Introduction to Plone stack#
Explore the intricate components of the Plone stack, tailored for deploying a modern Plone 6 site with a React-powered frontend. For deployments focusing on Plone Classic UI with server-side HTML rendering, the frontend component is excluded. This guide won't explain all the details regarding the integration of a web accelerator or the setup of an edge caching service.
Components of the Plone stack#
Web server#
The web server, accessible externally on ports 80 and 443, handles the routing and rewriting of HTTP requests to the Plone frontend and backend, and is tasked with TLS termination. While nginx and Traefik are recommended, other web servers can also be employed. This training will exclusively utilize Traefik.
To understand the rewrite rules used in Traefik, please read our reference about Zope's Virtual hosting and URL rewrite.
Web accelerator#
Varnish, a web accelerator, is positioned between the external web server and internal services to cache dynamically generated content. For a detailed Plone setup with Varnish, refer to the collective/volto-caching repository.
Plone frontend#
Hosted on a Node.js HTTP server running on port 3000, the Plone frontend constitutes the default user interface. It serves a server side rendered HTML version of the webpage and delivers the JavaScript bundles for the dynamic web application running in the browser. It requires access to the Plone backend, and is exposed through the webserver and accelerator.
Plone backend#
Operating on port 8080, the Plone backend, Python WSGI process, serves as the application server hosting the Plone REST API. It delivers the content to the frontend server and browsers, stores it persistently in a backend database or on file system, and provides management API and security, including moving or copying content, advanced worfklows, security, and other features.

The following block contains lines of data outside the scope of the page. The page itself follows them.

Lemma ext_inv_continuous_row c s f : boundary_row c s f ->
  forall x0, S1 (x0, c) -> forall eps, 0 < eps -> exists d, 0 < d /\
    forall q, S2 q -> dist2 (h (x0, c)) q < d -> dist2 (ext_inv (h (x0, c))) (ext_inv q) < eps.
Proof.
  intros [Hc [Hc_bd [Hh [Hinc [_ Hlim]]]]] x0 Hx0 eps He.
  generalize gap1_pos gap2_pos; intros.
  assert (Hbd0 : bd S1 u1 v1 (x0, c)) by now split.
  assert (Hbd1 := h_maps _ Hbd0).
  rewrite (ext_inv_bd (h (x0, c))) by (destruct Hbd1; auto).
  destruct (g_cont _ Hbd1 eps He) as [e1 [He1 K1]].
  destruct (family_inv_joint_limit Phi Phi_lt Phi_surjective (row c) f s Hlim x0 Hinc Hx0
              (strip_row_open _ _ _ _ _ S1_strip Hx0) eps He) as [e2 [He2 K2]].
  assert (HK : 0 < eps / gap1) by (apply Rdiv_lt_0_compat; lra).
  exists (Rmin (Rmin e1 e2) (gap2 * Rmin e2 (eps / gap1))).
  split; [repeat apply Rmin_pos; try apply Rmult_lt_0_compat; try apply Rmin_pos; lra|].
  intros [y t] Hq Hd. pose proof (Rmin_l (Rmin e1 e2) (gap2 * Rmin e2 (eps / gap1))) as Hd1.
  rewrite (Hh x0 Hx0) in Hd. apply dist2_lt_iff in Hd as Hyt. destruct Hyt as [Hy Ht].
  simpl in Hy, Ht. apply Rmin_Rgt in Hy as [Hy _]. apply Rmin_Rgt in Hy as [_ Hy].
  apply Rmin_Rgt in Ht as [_ Ht].
  destruct (classic (t = u2 \/ t = v2)) as [Ht_bd | Ht_int].
  - rewrite (ext_inv_bd (y, t)) by auto.
    apply K1; [now split | rewrite (Hh x0 Hx0); generalize (Rmin_l e1 e2); lra].
  - rewrite (ext_inv_interior (y, t)), g_h by (simpl; tauto || exact Hbd0). simpl.
    assert (Hs : 0 < rel2 t < 1)
      by (apply rel2_interior, (strip_interior S2 u2 v2 (y, t)); auto; tauto).
    apply Rabs_rel2_lt, Rmin_Rgt in Ht as [Hs1 Hs2].
    rewrite Hc. apply dist2_height1.
    + rewrite Rabs_minus_sym. apply K2; [exact Hs | exact Hs1|].
      replace (ep * y - f x0) with (ep * (y - ep * f x0))
        by (generalize ep_square; intro; nra).
      now rewrite Rabs_ep_mult.
    + now rewrite Rabs_minus_sym.
Qed.

Lemma ext_continuous : cont_on S1 ext.
Proof.
  intros [x0 t0] Hp.
  destruct (classic (t0 = u1)) as [-> | Hu].
  { exact (ext_continuous_row u1 0 fm boundary_row_lo x0 Hp). }
  destruct (classic (t0 = v1)) as [-> | Hv].
  { exact (ext_continuous_row v1 1 fp boundary_row_hi x0 Hp). }
  apply ext_continuous_interior, (strip_interior S1 u1 v1 (x0, t0)); auto.
Qed.

Lemma ext_inv_continuous : cont_on S2 ext_inv.
Proof.
  intros q Hq.
  destruct (classic (snd q = u2 \/ snd q = v2)) as [Hq_bd | Hq_int].
  - assert (Hbq : bd S2 u2 v2 q) by now split.
    rewrite <- (h_g q Hbq). destruct (g_maps q Hbq) as [Hx0 [Hc | Hc]];
      rewrite (pair_eta (g q)), Hc in Hx0 |- *.
    + exact (ext_inv_continuous_row u1 0 fm boundary_row_lo _ Hx0).
    + exact (ext_inv_continuous_row v1 1 fp boundary_row_hi _ Hx0).
  - apply ext_inv_continuous_interior, (strip_interior S2); auto; tauto.
Qed.

Lemma ext_maps p : S1 p -> S2 (ext p).
Proof.
  intro Hp. destruct (classic (snd p = u1 \/ snd p = v1)) as [Hb | Hb].
  - rewrite ext_bd by exact Hb. now destruct (h_maps p (conj Hp Hb)).
  - rewrite ext_interior by tauto. apply S2_strip, height2_interior, rel1_interior.
    apply (strip_interior S1); auto; tauto.
Qed.

Lemma ext_inv_maps q : S2 q -> S1 (ext_inv q).
Proof.
  intro Hq. destruct (classic (snd q = u2 \/ snd q = v2)) as [Hb | Hb].
  - rewrite ext_inv_bd by exact Hb. now destruct (g_maps q (conj Hq Hb)).
  - rewrite ext_inv_interior by tauto. apply S1_strip, height1_interior, rel2_interior.
    apply (strip_interior S2); auto; tauto.
Qed.

Lemma ext_inv_ext p : S1 p -> ext_inv (ext p) = p.
Proof.
  intro Hp. destruct (classic (snd p = u1 \/ snd p = v1)) as [Hb | Hb].
  - rewrite ext_bd by exact Hb. assert (Hb2 := h_maps p (conj Hp Hb)).
    rewrite ext_inv_bd by (destruct Hb2; auto). apply g_h. now split.
  - assert (Hs : 0 < rel1 (snd p) < 1) by (apply rel1_interior, (strip_interior S1); auto; tauto).
    assert (Ht := height2_interior _ Hs).
    rewrite ext_interior, ext_inv_interior by (simpl; tauto || lra). simpl.
    rewrite rel2_height2, <- Rmult_assoc, ep_square, Rmult_1_l, family_inv_cancel, height1_rel1
      by auto using Phi_lt, Phi_surjective.
    symmetry. apply pair_eta.
Qed.

Lemma ext_ext_inv q : S2 q -> ext (ext_inv q) = q.
Proof.
  intro Hq. destruct (classic (snd q = u2 \/ snd q = v2)) as [Hb | Hb].
  - rewrite ext_inv_bd by exact Hb. assert (Hb2 := g_maps q (conj Hq Hb)).
    rewrite ext_bd by (destruct Hb2; auto). apply h_g. now split.
  - assert (Hs : 0 < rel2 (snd q) < 1) by (apply rel2_interior, (strip_interior S2); auto; tauto).
    assert (Ht := height1_interior _ Hs).
    rewrite ext_inv_interior, ext_interior by (simpl; tauto || lra). simpl.
    rewrite rel1_height1, family_inv_spec, <- Rmult_assoc, ep_square, Rmult_1_l, height2_rel2
      by auto using Phi_surjective.
    symmetry. apply pair_eta.
Qed.

Lemma ext_homeo : homeo_on S1 S2 ext.
Proof.
  split; [exact ext_maps|].
  exists ext_inv.
  repeat split;
    auto using ext_inv_maps, ext_inv_ext, ext_ext_inv, ext_continuous, ext_inv_continuous.
Qed.
(* Let $\xi=(\tau_L,\delta_L,\tau_R,\delta_R)\in\Phi_{\rm BYG}$ and suppose $J_1(\xi)>1$ and $\lambda_L^s+|\lambda_R^s|<1$. Let $\alpha\subset\Omega$ be a line segment with slope in $K=[-\lambda_L^s,|\lambda_R^s|]$. Then there exist $n\ge1$ and points $P$ on the $y$-axis and $Q$ on the $x$-axis such that the line segment from $P$ to $Q$ is contained in $f_\xi^n(\alpha)$. Moreover, this segment from $P$ to $Q$ intersects the line segment from $V$ to $f_\xi^{-1}(V)$ transversally.
   Context: For $\xi=(\tau_L,\delta_L,\tau_R,\delta_R)\in\mathbb{R}^4$ define $f_\xi(x,y)=(\tau_L x+y+1,\,-\delta_L x)$ if $x\le 0$ and $f_\xi(x,y)=(\tau_R x+y+1,\,-\delta_R x)$ if $x\ge 0$. Let $A_L=\begin{bmatrix}\tau_L&1\\-\delta_L&0\end{bmatrix}$, $A_R=\begin{bmatrix}\tau_R&1\\-\delta_R&0\end{bmatrix}$, $\Phi=\{\xi: \tau_L>\delta_L+1,\ \delta_L>0,\ \tau_R<-(\delta_R+1),\ \delta_R>0\}$. For $\xi\in\Phi$ the eigenvalues of $A_L$ are real with $0<\lambda_L^s<1<\lambda_L^u$, those of $A_R$ are real with $\lambda_R^u<-1<\lambda_R^s<0$, $f_\xi$ is a homeomorphism, and $Y=\left(\frac{-1}{\tau_L-\delta_L-1},\frac{\delta_L}{\tau_L-\delta_L-1}\right)$ is a fixed point. Let $\phi(\xi)=\delta_R-\left(\tau_R+\delta_L+\delta_R-(1+\tau_R)\lambda_L^u\right)\lambda_L^u$, $\Phi_{\rm BYG}=\{\xi\in\Phi:\phi(\xi)>0\}$, and $J_1(\xi)=\frac{\lambda_L^u(\lambda_R^u)^2}{\lambda_L^u+|\lambda_R^u|}$. Let $D=\left(\frac{1}{1-\lambda_L^s},0\right)$. Let $E^s(Y)$ be the line through $Y$ in the direction of an eigenvector of $A_L$ for $\lambda_L^s$, let $B$ be the intersection of the line segment from $Y$ to $D$ with the line through $f_\xi(D)$ parallel to $E^s(Y)$, and let $\Omega$ be the filled triangle with vertices $D$, $f_\xi(D)$, $B$. Let $V=\left(0,\frac{-\lambda_R^u}{\lambda_R^u-1}\right)$. A line segment has slope $m$ if it is parallel to $(1,m)$. *)

From Stdlib Require Import Reals Lra.
Open Scope R_scope.

Definition pt := (R * R)%type.

Record param := mkParam { tauL : R; deltaL : R; tauR : R; deltaR : R }.

(* The piecewise-linear map f_xi (both formulas agree at x = 0). *)
Definition f (xi : param) (p : pt) : pt :=
  let (x, y) := p in
  if Rle_dec x 0 then (tauL xi * x + y + 1, - deltaL xi * x)
  else (tauR xi * x + y + 1, - deltaR xi * x).

(* Its inverse (valid when deltaL, deltaR > 0): the preimage x-coordinate
   is -w/delta, whose sign is that of -w. *)
Definition finv (xi : param) (q : pt) : pt :=
  let (u, w) := q in
  if Rle_dec 0 w then
    let x := - w / deltaL xi in (x, u - 1 - tauL xi * x)
  else
    let x := - w / deltaR xi in (x, u - 1 - tauR xi * x).

Definition in_Phi (xi : param) : Prop :=
  tauL xi > deltaL xi + 1 /\ deltaL xi > 0 /\
  tauR xi < - (deltaR xi + 1) /\ deltaR xi > 0.

Definition discL xi := tauL xi ^ 2 - 4 * deltaL xi.
Definition discR xi := tauR xi ^ 2 - 4 * deltaR xi.
Definition lamLs xi := (tauL xi - sqrt (discL xi)) / 2.  (* 0 < . < 1 *)
Definition lamLu xi := (tauL xi + sqrt (discL xi)) / 2.  (* > 1 *)
Definition lamRu xi := (tauR xi - sqrt (discR xi)) / 2.  (* < -1 *)
Definition lamRs xi := (tauR xi + sqrt (discR xi)) / 2.  (* in (-1,0) *)

Definition phi (xi : param) : R :=
  deltaR xi - (tauR xi + deltaL xi + deltaR xi - (1 + tauR xi) * lamLu xi) * lamLu xi.

Definition in_Phi_BYG (xi : param) : Prop := in_Phi xi /\ phi xi > 0.

Definition J1 (xi : param) : R :=
  lamLu xi * (lamRu xi) ^ 2 / (lamLu xi + Rabs (lamRu xi)).

Definition Y (xi : param) : pt :=
  (-1 / (tauL xi - deltaL xi - 1), deltaL xi / (tauL xi - deltaL xi - 1)).

Definition D (xi : param) : pt := (1 / (1 - lamLs xi), 0).

Definition V (xi : param) : pt := (0, - lamRu xi / (lamRu xi - 1)).

Definition evLs (xi : param) : pt := (1, lamLs xi - tauL xi).

Definition padd (p q : pt) : pt := (fst p + fst q, snd p + snd q).
Definition psub (p q : pt) : pt := (fst p - fst q, snd p - snd q).
Definition pscale (c : R) (p : pt) : pt := (c * fst p, c * snd p).
Definition cross (p q : pt) : R := fst p * snd q - snd p * fst q.

(* Intersection of the line through P1, P2 with the line through Q of direction v. *)
Definition line_inter (P1 P2 Q v : pt) : pt :=
  padd P1 (pscale (cross (psub Q P1) v / cross (psub P2 P1) v) (psub P2 P1)).

Definition B (xi : param) : pt :=
  line_inter (Y xi) (D xi) (f xi (D xi)) (evLs xi).

Definition segment (P Q : pt) : pt -> Prop :=
  fun z => exists t, 0 <= t <= 1 /\ z = padd P (pscale t (psub Q P)).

It's optimal to pair it with a specialized database, such as ZEO server, or a relational database.
Database#
The database layer can range from a simple ZODB with file storage to more scalable options like a ZEO server or a relational database via RelStorage, supporting PostgreSQL, MySQL or MariaDB, and Oracle. In the most simple version, the Plone backend can open a database on the local filesystem. But in this setup, you are limited to only one backend. If you use ZEO, multiple Plone backends open a connection to the ZEO server, which manages the ZODB files. A separate shared file system like NFS is essential for storing binary data and sharing it to the backends with a ZEO setup.
This training will focus on using a PostgreSQL instance. With a relational database, the backends connect through the RelStorage adapter to the database, where the ZODB is mapped in a very basic way to a number of specialized tables and fields to hold all data.
Storing binary data (blobs) in a relational database, or keeping them separate in a blob storage, is an advanced discussion and has different trade-offs when looking at performance and high availability.
Deployment configurations#
Basic setup#
Without specialized database#
Web server → Plone frontend → Plone backend (file storage)
Note
Ideal for demo sites and Plone trials.
With specialized database#
Web server → Plone frontend → Plone backend → Database
Note
Solution to be presented in this training.
With specialized database and caching#
Web server → Web accelerator → Plone frontend → Plone backend → Database
Multi-server setup#
In a multi-server environment, load distribution and redundancy are achieved through various configurations, enabling horizontal scaling.
Flow of a request to https://plone.example.com#
Web server and web accelerator layer#
Externally accessible machine hosting both the web server and web accelerator on ports 80 and 443.
Plone application layer (frontend and backend)#
Hosts scalable Plone frontend and backend processes, enhancing performance and responsiveness.
Database layer#
Can host a ZEO server or a relational database. Managed relational database services with backup and replication are recommended for those unfamiliar with database management, with PostgreSQL being a preferred choice.
Scaling and high availability#
The components of the CMS stack as described above, can all run in a parallelized, distributed, and optionally high availability setup. There are, however, extra requirements for some of the building blocks. The ingress web server (Traefik) can run multiple instances, but needs a way to sync TLS certificates and route information. The Varnish server can be run multiple times, but purge requests for changed or stale content will need to be multiplied to all cache instances.
The Plone frontend and backend servers can and should run with multiple instances in a larger setup to offer enough throughput. Lastly, the database should be dimensioned large enough to support all storage and retrieve requests from the backends. When high availability is required, the database layer should be set up with RelStorage and a relational database that is configured accordingly, for example, a primary and secondary with active failover, or a three-node database cluster.